Don't know if anyone remembers, but I made this crazy blackwork coif about 5 years ago. I started it even before I joined the SCA, so it has a few issues. Not least of them the fact that I did it on yellow linen. The original was on blue linen so I figured color would be okay. I didn't understand about indigoids and linen and dyes and the fact that even the blue one was an aberration. And then there were the pearls I added. . . Anyway, with all of its flaws, it was still a project that I spent over 400 hours on. I've never worn it. I got distracted by Russian. Then I got distracted by Italian. The coif has sat at the top of my closet.

I decided I needed to remedy that fact.
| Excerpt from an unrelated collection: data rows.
Definition cot (x : R) : R := cos x / sin x.
Definition csc (x : R) : R := 1 / sin x.
Definition sec (x : R) : R := 1 / cos x.

From Pilot Require Import Defs.
From Stdlib Require Import Reals Lra Lia ZArith List ClassicalDescription Classical.
From Coquelicot Require Import Coquelicot.
Open Scope R_scope.

(* Write ω = π/n.  A direction φ is φ = 2kω + b with |b| <= ω: vertex k is the top
   vertex of the polygon in direction φ, at height r cos b (the support function).
   Near vertex k the polygon is a wedge bounded by the two sides through it, and a
   line g(p, φ) at depth r cos b - p below that vertex cuts the wedge in a chord of
   length (r cos b - p) sin 2ω / (sin(ω - b) sin(ω + b)).  Hence the lines of
   direction φ with a chord of length at most s are those at depth at most
   K(b) = s sin(ω - b) sin(ω + b) / sin 2ω below the top vertex, together with the
   corresponding cap at the opposite vertex (direction φ + π) -- provided the cap
   stays above the neighbouring vertices, which is what the hypothesis on s
   guarantees (for all but finitely many directions).  Since the lines of directions
   φ and φ + π are the same, the measure of these lines is the integral of K over all
   directions, i.e. n times the integral of K over [-ω, ω], which is computed by an
   antiderivative; dividing by the perimeter gives the formula. *)

Ltac minmax_lra := unfold Rmin, Rmax in *;
  repeat match goal with
  | H : context [Rle_dec ?a ?b] |- _ => destruct (Rle_dec a b)
  | |- context [Rle_dec ?a ?b] => destruct (Rle_dec a b)
  end; lra.

Lemma is_RInt_const_on (f : R -> R) a b v : a <= b ->
  (forall x, a < x < b -> f x = v) -> is_RInt f a b ((b - a) * v).
Proof.
  intros hab H. apply is_RInt_ext with (fun _ => v); [|apply (is_RInt_const a b v)].
  intros x hx. symmetry; apply H. minmax_lra.
Qed.

Lemma is_RInt_ext_but_point (f g : R -> R) a b c v : a <= b ->
  (forall x, a <= x <= b -> x <> c -> f x = g x) -> is_RInt g a b v -> is_RInt f a b v.
Proof.
  intros hab H Hg.
  assert (Hopen : forall u w, a <= u <= w -> w <= b -> ~ (u < c < w) ->
            forall x, Rmin u w < x < Rmax u w -> g x = f x).
  { intros u w hu hw hc x hx. symmetry; apply H; [minmax_lra|].
    intros ->. apply hc. minmax_lra. }
  destruct (classic (a < c < b)) as [hc|hc].
  - assert (Ex : ex_RInt g a b) by (exists v; exact Hg).
    assert (E1 : ex_RInt g a c) by (apply (ex_RInt_Chasles_1 g a c b); [lra | exact Ex]).
    assert (E2 : ex_RInt g c b) by (apply (ex_RInt_Chasles_2 g a c b); [lra | exact Ex]).
    replace v with (plus (RInt g a c) (RInt g c b))
      by (rewrite RInt_Chasles by assumption; exact (is_RInt_unique _ _ _ _ Hg)).
    apply (is_RInt_Chasles f a c b).
    + apply is_RInt_ext with g; [apply Hopen; lra | exact (RInt_correct _ _ _ E1)].
    + apply is_RInt_ext with g; [apply Hopen; lra | exact (RInt_correct _ _ _ E2)].
  - apply is_RInt_ext with g; [apply Hopen; lra | exact Hg].
Qed.

Lemma is_RInt_ext_but_finite (l : list R) : forall (f g : R -> R) a b v, a <= b ->
  (forall x, a <= x <= b -> ~ In x l -> f x = g x) -> is_RInt g a b v -> is_RInt f a b v.
Proof.
  induction l as [|c l IH]; intros f g a b v hab H Hg.
  - apply is_RInt_ext_but_point with g (a - 1); [exact hab | | exact Hg].
    intros x hx _. apply H; auto.
  -
    set (g' := fun x => if Req_EM_T x c then f x else g x).
    apply IH with g'; auto.
    + intros x hx hn. unfold g'. destruct (Req_EM_T x c); auto.
      apply H; auto. intros [h|h]; auto.
    + apply is_RInt_ext_but_point with g c; auto. intros x _ hx. unfold g'.
      destruct (Req_EM_T x c); tauto.
Qed.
I've wanted an Elizabethan jacket/waistcoat for years. I've bought fabric for it multiple times, trying to find something embroidered and at least reasonably appropriate. In the process, I ended up with a white silk, a butternut colored linen, and a champagne colored artificial silk. Somewhere in the back of my head is still this crazy idea that I'll embroider a linen jacket "one of these years" (or possibly 2 or 3) but I wasn't crazy enough to start with that. I wanted to work up the pattern and wear a jacket a few times and see if I liked it. Turns out I LOVE it. I already have a second one finished in the white silk and am plotting starting the epic embroidery project of making a real waistcoat rather than a "close enough" one..

Since I had already made this flame orange petticoat with the vague idea of wearing it with a jacket, I decide on the champagne artificial silk. It was also the fabric I would be least sad to lose if I made a total mess of things. I had tried to condemn the fabric since most of the embroidered jackets are linen, but there is a pink extant silk jacket in the V&A. Not the most common form, but documentable so my fabric wasn't too silly for a first try. I decided on an orange linen for lining since some of the jackets had a brightly contrasting lining. I needed a new corset since the attempt I made when I made the petticoat was a rather dismal failure in the fit department and the fabric had worn badly. I had a red wool I pulled from stash to match the red bands on the skirt. I bound it with orange linen bias that I had hanging around from the guards on my green camping dress. I love it when things turn out easy.

So, coif and petticoat bodies happened quickly. But I still needed to draft the jacket and I'd been dragging my feet for years. Mostly I was just scared of it. The sleeves especially. I came up with excuse after excuse and kept mumbling something about "more research." Unfortunately, for the mumbler, I own Seventeenth Century Dress Patterns Book 1 and 2. There are 4 waistcoats in the first book and another 2 in the second. There are scale drawings of the pattern pieces, x-rays, detailed drawings of the embroidery, patterns for the bobbin lace, and probable methods of construction. The procrastinator got backed into the corner by that. No excuses left.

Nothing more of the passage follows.